Standards Australia Limited
- Trade name: Standards Australia
- Formerly: Australian Commonwealth Engineering Standards Association; Standards Association of Australia; Standards Australia International Limited (SAI Limited);
- Company type: Not-for-profit public company limited by guarantee
- Industry: technical standards
- Founded: 1922; 104 years ago
- Headquarters: The Exchange Centre, Sydney, Australia
- Brands: Australian Standards
- Revenue: A$53,737,000 (2024); A$49,106,000 (2023);
- Net income: A$−8,297,000 (2024); A$1,002,000 (2023);
- Total assets: A$373,680,000 (2024); A$380,328,000 (2023);
- Total equity: A$341,035,000 (2024); A$349,332,000 (2023);
- Members: 84 member organisations (2024)
- Number of employees: 292 (2024)
- Website: standards.org.au

= Standards Australia =

National standards body for Australia

Standards Australia is the peak standards organisation of Australia. It develops, maintains and distributes Australian Standards, its brand of internationally-aligned technical standards, as well as their associated publications. It also provides standards accreditation services and represents Australia in international standards development.

Standards Australia is Australia's representative on the International Organization for Standardization (ISO), the International Electrotechnical Commission (IEC) and the Pacific Area Standards Congress (PASC). As of 2025, Standards Australia has 85 members representing groups interested in the development and application of technical standards and related products and services.

== History ==
Standards Australia was established in 1922 as the Australian Commonwealth Engineering Standards Association. It was renamed the Standards Association of Australia in 1929, and was a founding member of the International Organization for Standardization (ISO) in 1947.

The association received a royal charter in 1950 and incorporated under it the following year. In 1988, the organisation was renamed Standards Australia and signed a memorandum of understanding with the Australian government to formally recognise Standards Australia as the primary non-government standards development body in Australia.

In 1999, it incorporated as a public company limited by guarantee under the name Standards Australia International Limited (SAI Limited). In 2003, Standards Australia sold its commercial business to a separate, newly-formed company SAI Global floated on the Australian Securities Exchange.

== Australian Standards==
Australian Standards are technical standards which cover a broad range of subjects and industries. The standards may outline product specifications, engineering and building design, codes of practice for delivering services, safety standards, test methods or management systems. The standards are widely recognised by Australian industry and the community as trusted and authoritative benchmarks of acceptable and best practice.

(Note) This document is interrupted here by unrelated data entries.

(* Let $I$ be a set with a non-trivial ultrafilter $\mathcal U$, $n\in\mathbb{N}$, $r>0$, and for each $i\in I$ let $E_i$ be an order continuous Banach lattice with a weak unit and $M_i$ an $(n,r)$-dispersed closed subspace of $E_i$. Then $(M_i)_{\mathcal U}$ is an $(n,r)$-dispersed subspace of $(E_i)_{\mathcal U}$.
   Context: A Banach lattice is order continuous if every net decreasing in order to $0$ converges in norm to $0$; $e\ge0$ is a weak unit if $|x|\wedge e=0$ implies $x=0$. Ultraproducts: $(X_i)_{\mathcal U}=\ell_\infty(I,X_i)/\{(x_i):\lim_{\mathcal U}\|x_i\|=0\}$, a Banach lattice when the $X_i$ are, with $[(x_i)]\le[(y_i)]$ iff there is $(z_i)$ with $\lim_{\mathcal U}\|z_i\|=0$ and $x_i+z_i\le y_i$ for all $i$; $(M_i)_{\mathcal U}$ is identified with the closed subspace $\{[(x_i)]: x_i\in M_i\}$ of $(E_i)_{\mathcal U}$. A closed subspace $M$ of a Banach lattice $F$ is $(n,r)$-dispersed if for every pairwise disjoint family $x_1,\dots,x_n$ of norm-one vectors of $F$ there is $i\in\{1,\dots,n\}$ with $\mathrm{dist}(x_i,M)\ge r$. *)

From HB Require Import structures.
From mathcomp Require Import all_boot all_order all_algebra.
From mathcomp Require Import all_classical all_reals all_analysis.
Set Implicit Arguments. Unset Strict Implicit. Unset Printing Implicit Defensive.
Import Order.TTheory GRing.Theory Num.Theory.
Import numFieldNormedType.Exports.
Local Open Scope classical_set_scope.
Local Open Scope ring_scope.

Section BanachLattice.
Variables (R : realType) (E : completeNormedModType R).
Variables (le : E -> E -> Prop) (join : E -> E -> E).

Definition lmeet (x y : E) : E := - join (- x) (- y).
Definition labs (x : E) : E := join x (- x).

The standards are internationally recognised and aligned. Standards Australia works with Standards New Zealand to develop joint Australian/New Zealand standards (AS/NZS), and has a policy to adopt ISO and IEC standards as Australian or joint Australian/New Zealand standards wherever possible.

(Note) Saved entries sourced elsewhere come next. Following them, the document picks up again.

(* (1) A separability element [sep = sum_j m_j (x) phi_j] of [M (x)_A *M] (central, with
   [sum_j phi_j(m_j) = 1]) yields the [B]-valued pairing [<m, f> = sum_j phi_j (m f(m_j))] on
   [M x M^*]; centrality makes it [B]-balanced, so [(phi (x) m) (x) (psi (x) m') |-> phi (<m, psi> m')]
   is well defined on the comatrix coring, and it is a cointegral: coassociativity reduces to the
   dual basis identity [sum_i e_i e_i^*(x) = x], the counit property to [sum_j phi_j(m_j) = 1].
   (2) A cointegral [gamma] of [M^* (x)_B M] induces [Gamma : S -> S],
   [Gamma(u)(x) = sum_{i,l} e_i gamma((e_i^* (x) u(e_l)) (x) (e_l^* (x) x))], which commutes with [B]
   on both sides, fixes [1] by the counit property of [gamma], and satisfies
   [s (x) Gamma(u) t = s Gamma(u) (x) t] in [S (x)_B S] by its coassociativity.  Hence
   [(s (x) s') (x) (t (x) t') |-> s Gamma(s' t) t'] is a cointegral of the Sweedler coring. *)

Arguments teq_refl {R X Y eqX eqY addX addY zeroX zeroY ract lact PX PY} s.
Arguments teq_sym {R X Y eqX eqY addX addY zeroX zeroY ract lact PX PY s t} _.
Arguments teq_trans {R X Y eqX eqY addX addY zeroX zeroY ract lact PX PY s t u} _ _.
Arguments teq_cat {R X Y eqX eqY addX addY zeroX zeroY ract lact PX PY s1 s2 t1 t2} _ _.
Arguments teq_comm {R X Y eqX eqY addX addY zeroX zeroY ract lact PX PY} s t.
Arguments teq_eqv {R X Y eqX eqY addX addY zeroX zeroY ract lact PX PY x x' y y'} _ _ _ _ _ _.
Arguments teq_addl {R X Y eqX eqY addX addY zeroX zeroY ract lact PX PY x x' y} _ _ _.
Arguments teq_addr {R X Y eqX eqY addX addY zeroX zeroY ract lact PX PY x y y'} _ _ _.
Arguments teq_zerol {R X Y eqX eqY addX addY zeroX zeroY ract lact PX PY y} _.
Arguments teq_zeror {R X Y eqX eqY addX addY zeroX zeroY ract lact PX PY x} _.
Arguments teq_bal {R X Y eqX eqY addX addY zeroX zeroY ract lact PX PY x} r {y} _ _.

Lemma Forall_all (T : Type) (P : T -> Prop) (l : seq T) : (forall x, P x) -> List.Forall P l.
Proof. by move=> HP; apply/List.Forall_forall. Qed.

Lemma allP_Forall (X Y : Type) (PX : X -> Prop) (PY : Y -> Prop) s :
  Defs.allP PX PY s <-> List.Forall (fun p => PX p.1 /\ PY p.2) s.
Proof.
elim: s => [|p s IHs] /=; first by split.
rewrite List.Forall_cons_iff -IHs.
by split=> [[? ? ?]|[[? ?] ?]].
Qed.

Lemma allP_cat (X Y : Type) (PX : X -> Prop) (PY : Y -> Prop) s t :
  Defs.allP PX PY s -> Defs.allP PX PY t -> Defs.allP PX PY (s ++ t).
Proof. by elim: s => //= p s IHs [? ? Hs] Ht; split=> //; apply: IHs. Qed.

Lemma flatten_map_flatten (I J K : Type) (g : J -> seq K) (h : I -> seq J) l :
  flatten (map g (flatten (map h l))) = flatten [seq flatten (map g (h i)) | i <- l].
Proof. by elim: l => //= i l IHl; rewrite map_cat flatten_cat IHl. Qed.

Lemma flatten_map_seq1 (I J K : Type) (g : J -> seq K) (h : I -> J) (k : I -> K) l :
  (forall i, g (h i) = [:: k i]) -> flatten (map g (map h l)) = map k l.
Proof. by move=> ghk; elim: l => //= i l ->; rewrite ghk. Qed.

Lemma sumC_cat (T : Type) (s : seq (seq T)) : sumC cat [::] s = flatten s.
Proof. by []. Qed.

Lemma foldr_closed (Z : Type) (P : Z -> Prop) (op : Z -> Z -> Z) z0 (l : seq Z) :
  (forall z z', P z -> P z' -> P (op z z')) -> P z0 -> List.Forall P l -> P (foldr op z0 l).
Proof. by move=> opP z0P; elim=> //= z l' Pz _ IHl; apply: opP. Qed.

Section FormalTensor.
Context {R X Y : Type} {eqX : X -> X -> Prop} {eqY : Y -> Y -> Prop}
  {addX : X -> X -> X} {addY : Y -> Y -> Y} {zeroX : X} {zeroY : Y}
  {ract : X -> R -> X} {lact : R -> Y -> Y} {PX : X -> Prop} {PY : Y -> Prop}.
Local Notation teqXY := (teq eqX eqY addX addY zeroX zeroY ract lact PX PY).

Lemma eq_big_teq (V : zmodType) (f : X -> Y -> V) s t :
  (forall x x' y y', PX x -> PX x' -> PY y -> PY y' -> eqX x x' -> eqY y y' ->
     f x y = f x' y') ->
  (forall x x' y, PX x -> PX x' -> PY y -> f (addX x x') y = f x y + f x' y) ->
  (forall x y y', PX x -> PY y -> PY y' -> f x (addY y y') = f x y + f x y') ->
  (forall y, PY y -> f zeroX y = 0) ->
  (forall x, PX x -> f x zeroY = 0) ->
  (forall x r y, PX x -> PY y -> f (ract x r) y = f x (lact r y)) ->
  teqXY s t -> \sum_(p <- s) f p.1 p.2 = \sum_(p <- t) f p.1 p.2.
Proof.
move=> feqv faddl faddr fzerol fzeror fbal; elim=> //=.
- by move=> ? ? ? _ -> _ ->.
- by move=> s1 s2 t1 t2 _ E1 _ E2; rewrite !big_cat E1 E2.
- by move=> s0 t0; rewrite !big_cat /= addrC.
- by move=> *; rewrite !big_seq1 /=; apply: feqv.
- by move=> x x' y *; rewrite !big_cons !big_nil !addr0 faddl.
- by move=> x y y' *; rewrite !big_cons !big_nil !addr0 faddr.
- by move=> y *; rewrite big_seq1 big_nil fzerol.
- by move=> x *; rewrite big_seq1 big_nil fzeror.
- by move=> x r y *; rewrite !big_seq1 fbal.
Qed.

Lemma teq_flatten (I : Type) (a b : I -> seq (X * Y)) l :
  List.Forall (fun i => teqXY (a i) (b i)) l ->
  teqXY (flatten (map a l)) (flatten (map b l)).
Proof. by elim=> [|i l' ? _ IHl] /=; [apply: teq_refl | apply: teq_cat]. Qed.

Lemma teq_map (I : Type) (f g : I -> X * Y) l :
  List.Forall (fun i => teqXY [:: f i] [:: g i]) l -> teqXY (map f l) (map g l).
Proof. by rewrite -(flatten_map1 f) -(flatten_map1 g); apply: teq_flatten. Qed.

Lemma teq_catCA s t u : teqXY (s ++ t ++ u) (t ++ s ++ u).
Proof. by rewrite !catA; apply: teq_cat (teq_comm s t) (teq_refl u). Qed.

Lemma teq_flatten_cons (I : Type) (a : I -> X * Y) (b : I -> seq (X * Y)) l :
  teqXY (flatten [seq a i :: b i | i <- l]) (map a l ++ flatten (map b l)).
Proof.
elim: l => [|i l IHl] /=; first exact: teq_refl.
apply: (teq_cat (teq_refl [:: a i])).
exact: teq_trans (teq_cat (teq_refl (b i)) IHl) (teq_catCA _ _ _).
Qed.

Lemma teq_flatten_exchange (I J : Type) (f : I -> J -> X * Y) l1 l2 :
  teqXY (flatten [seq [seq f i j | j <- l2] | i <- l1])
        (flatten [seq [seq f i j | i <- l1] | j <- l2]).
Proof.
elim: l1 => [|i l1 IHl1] /=; first by elim: l2 => [|j l2 IHl2] //=; apply: teq_refl.
apply: teq_trans (teq_cat (teq_refl _) IHl1) _.
exact: teq_sym (teq_flatten_cons (f i) (fun j => [seq f i' j | i' <- l1]) l2).
Qed.

Section SumClosed.
Hypotheses (addX_closed : forall x x', PX x -> PX x' -> PX (addX x x'))
  (zeroX_closed : PX zeroX)
  (addY_closed : forall y y', PY y -> PY y' -> PY (addY y y'))
  (zeroY_closed : PY zeroY).

Lemma teq_sumr (Z : Type) (F : Z -> Y) x l : PX x -> List.Forall (fun z => PY (F z)) l ->
  teqXY [:: (x, foldr addY zeroY (map F l))] [seq (x, F z) | z <- l].
Proof.
move=> Px; elim=> [|z l' PFz PFl IHl] /=; first exact: teq_zeror.
have PFl' : PY (foldr addY zeroY (map F l')).
  by apply: foldr_closed => //; elim: PFl; constructor.
exact: teq_trans (teq_addr Px PFz PFl') (teq_cat (teq_refl [:: (x, F z)]) IHl).
Qed.

Lemma teq_suml (Z : Type) (F : Z -> X) y l : PY y -> List.Forall (fun z => PX (F z)) l ->
  teqXY [:: (foldr addX zeroX (map F l), y)] [seq (F z, y) | z <- l].
Proof.
move=> Py; elim=> [|z l' PFz PFl IHl] /=; first exact: teq_zerol.
have PFl' : PX (foldr addX zeroX (map F l')).
  by apply: foldr_closed => //; elim: PFl; constructor.
exact: teq_trans (teq_addl PFz PFl' Py) (teq_cat (teq_refl [:: (F z, y)]) IHl).
Qed.
End SumClosed.

End FormalTensor.

Section TensorMorphism.
Context {R X Y : Type} {eqX : X -> X -> Prop} {eqY : Y -> Y -> Prop}
  {addX : X -> X -> X} {addY : Y -> Y -> Y} {zeroX : X} {zeroY : Y}
  {ract : X -> R -> X} {lact : R -> Y -> Y} {PX : X -> Prop} {PY : Y -> Prop}.
Context {R' X' Y' : Type} {eqX' : X' -> X' -> Prop} {eqY' : Y' -> Y' -> Prop}
  {addX' : X' -> X' -> X'} {addY' : Y' -> Y' -> Y'} {zeroX' : X'} {zeroY' : Y'}
  {ract' : X' -> R' -> X'} {lact' : R' -> Y' -> Y'} {PX' : X' -> Prop} {PY' : Y' -> Prop}.
Local Notation teqXY := (teq eqX eqY addX addY zeroX zeroY ract lact PX PY).
Local Notation teqXY' := (teq eqX' eqY' addX' addY' zeroX' zeroY' ract' lact' PX' PY').

Lemma teq_map_morph (h : X * Y -> X' * Y') s t :
  (forall x x' y y', PX x -> PX x' -> PY y -> PY y' -> eqX x x' -> eqY y y' ->
     teqXY' [:: h (x, y)] [:: h (x', y')]) ->
  (forall x x' y, PX x -> PX x' -> PY y ->
     teqXY' [:: h (addX x x', y)] [:: h (x, y); h (x', y)]) ->
  (forall x y y', PX x -> PY y -> PY y' ->
     teqXY' [:: h (x, addY y y')] [:: h (x, y); h (x, y')]) ->
  (forall y, PY y -> teqXY' [:: h (zeroX, y)] [::]) ->
  (forall x, PX x -> teqXY' [:: h (x, zeroY)] [::]) ->
  (forall x r y, PX x -> PY y -> teqXY' [:: h (ract x r, y)] [:: h (x, lact r y)]) ->
  teqXY s t -> teqXY' (map h s) (map h t).
Proof.
move=> heqv haddl haddr hzerol hzeror hbal; elim=> /=; try by eauto.
- by move=> *; apply: teq_refl.
- by move=> *; apply: teq_sym.
- by move=> *; apply: teq_trans; eauto.
- by move=> *; rewrite !map_cat; apply: teq_cat.
- by move=> *; rewrite !map_cat; apply: teq_comm.
Qed.
End TensorMorphism.

Lemma additive_fun0 (U V : zmodType) (f : U -> V) : additive_fun f -> f 0 = 0.
Proof. by move=> fD; apply: (addrI (f 0)); rewrite -fD !addr0. Qed.

Lemma additive_fun_sum (U V : zmodType) (f : U -> V) (I : Type) (l : seq I) (g : I -> U) :
  additive_fun f -> f (\sum_(i <- l) g i) = \sum_(i <- l) f (g i).
Proof.
move=> fD; elim: l => [|i l IHl]; first by rewrite !big_nil additive_fun0.
by rewrite !big_cons fD IHl.
Qed.

Lemma eq_big_Forall (V : zmodType) (I : Type) (P : I -> Prop) (l : seq I) (F G : I -> V) :
  List.Forall P l -> (forall i, P i -> F i = G i) -> \sum_(i <- l) F i = \sum_(i <- l) G i.
Proof.
move=> + FG; elim=> [|i l' Pi _ IHl]; first by rewrite !big_nil.
by rewrite !big_cons FG // IHl.
Qed.

Lemma foldr_add_sum (V : zmodType) (I : Type) (F : I -> V) l :
  foldr +%R 0 (map F l) = \sum_(i <- l) F i.
Proof. by elim: l => [|i l IHl] /=; rewrite ?big_nil ?big_cons ?IHl. Qed.

Lemma foldr_add_fun (U V : zmodType) (I : Type) (F : I -> U -> V) l x :
  foldr (fun f g m => f m + g m) (fun _ => 0) (map F l) x = \sum_(i <- l) F i x.
Proof. by elim: l => [|i l IHl] /=; rewrite ?big_nil ?big_cons ?IHl. Qed.

Section Bimodule.
Variables (A B : pzRingType) (M : zmodType) (lB : B -> M -> M) (rA : M -> A -> M).
Hypothesis HBM : is_bimodule lB rA.

Lemma lBDr b m m' : lB b (m + m') = lB b m + lB b m'.
Proof. by case: HBM => -> _. Qed.
Lemma lBDl b b' m : lB (b + b') m = lB b m + lB b' m.
Proof. by case: HBM => _ [-> _]. Qed.
Lemma lBM b b' m : lB (b * b') m = lB b (lB b' m).
Proof. by case: HBM => _ [_ [-> _]]. Qed.
Lemma lB1 m : lB 1 m = m.
Proof. by case: HBM => _ [_ [_ [-> _]]]. Qed.
Lemma rADl m m' a : rA (m + m') a = rA m a + rA m' a.
Proof. by case: HBM => _ [_ [_ [_ [-> _]]]]. Qed.
Lemma rADr m a a' : rA m (a + a') = rA m a + rA m a'.
Proof. by case: HBM => _ [_ [_ [_ [_ [-> _]]]]]. Qed.
Lemma rAM m a a' : rA m (a * a') = rA (rA m a) a'.
Proof. by case: HBM => _ [_ [_ [_ [_ [_ [-> _]]]]]]. Qed.
Lemma lB_rA b m a : lB b (rA m a) = rA (lB b m) a.
Proof. by case: HBM => _ [_ [_ [_ [_ [_ [_ [_ ->]]]]]]]. Qed.

Lemma lB0r b : lB b 0 = 0. Proof. by apply: additive_fun0 => m m'; apply: lBDr. Qed.
Lemma lB0l m : lB 0 m = 0. Proof. by apply: (additive_fun0 (f := lB^~ m)) => b b'; apply: lBDl. Qed.
Lemma rA0l a : rA 0 a = 0. Proof. by apply: (additive_fun0 (f := rA^~ a)) => m m'; apply: rADl. Qed.
Lemma rA0r m : rA m 0 = 0. Proof. by apply: additive_fun0 => a a'; apply: rADr. Qed.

Australian Standards are identified with the prefix AS, for example AS 2601:2025 The demolition of structures. Joint Australian/New Zealand standards are identified with AS/NZS, for example AS/NZS 3016:2002 Electrical installations — Electric security fences. Where an international standard has been adopted in Australia, it is also identified with the international organisation and is often assigned the same number as the international standard, for example AS/NZS ISO 3602:2025 Documentation - Romanization of Japanese (kana script), which identically adopts ISO 3602:1989.

Standards Australia does not have a role in monitoring or enforcing standards, and the published standards alone are voluntary. However, governments in Australia widely refer to Australian Standards in legislation and regulations, making them mandatory in those settings. Some standards are developed specifically for adoption in legislation.

== Distribution and sale of standards ==

When Standard Australia sold its commercial arm to SAI Global in 2003, it granted SAI Global an exclusive licence to publish and distribute Australian Standards. Standards Australia initially retained a 40% interest in SAI Global, but progressively sold this shareholding down to zero to focus more exclusively on the development and maintenance of standards and representing Australia's interests in international standardisation. In 2016, SAI Global was acquired by Baring Private Equity Asia and delisted from the ASX.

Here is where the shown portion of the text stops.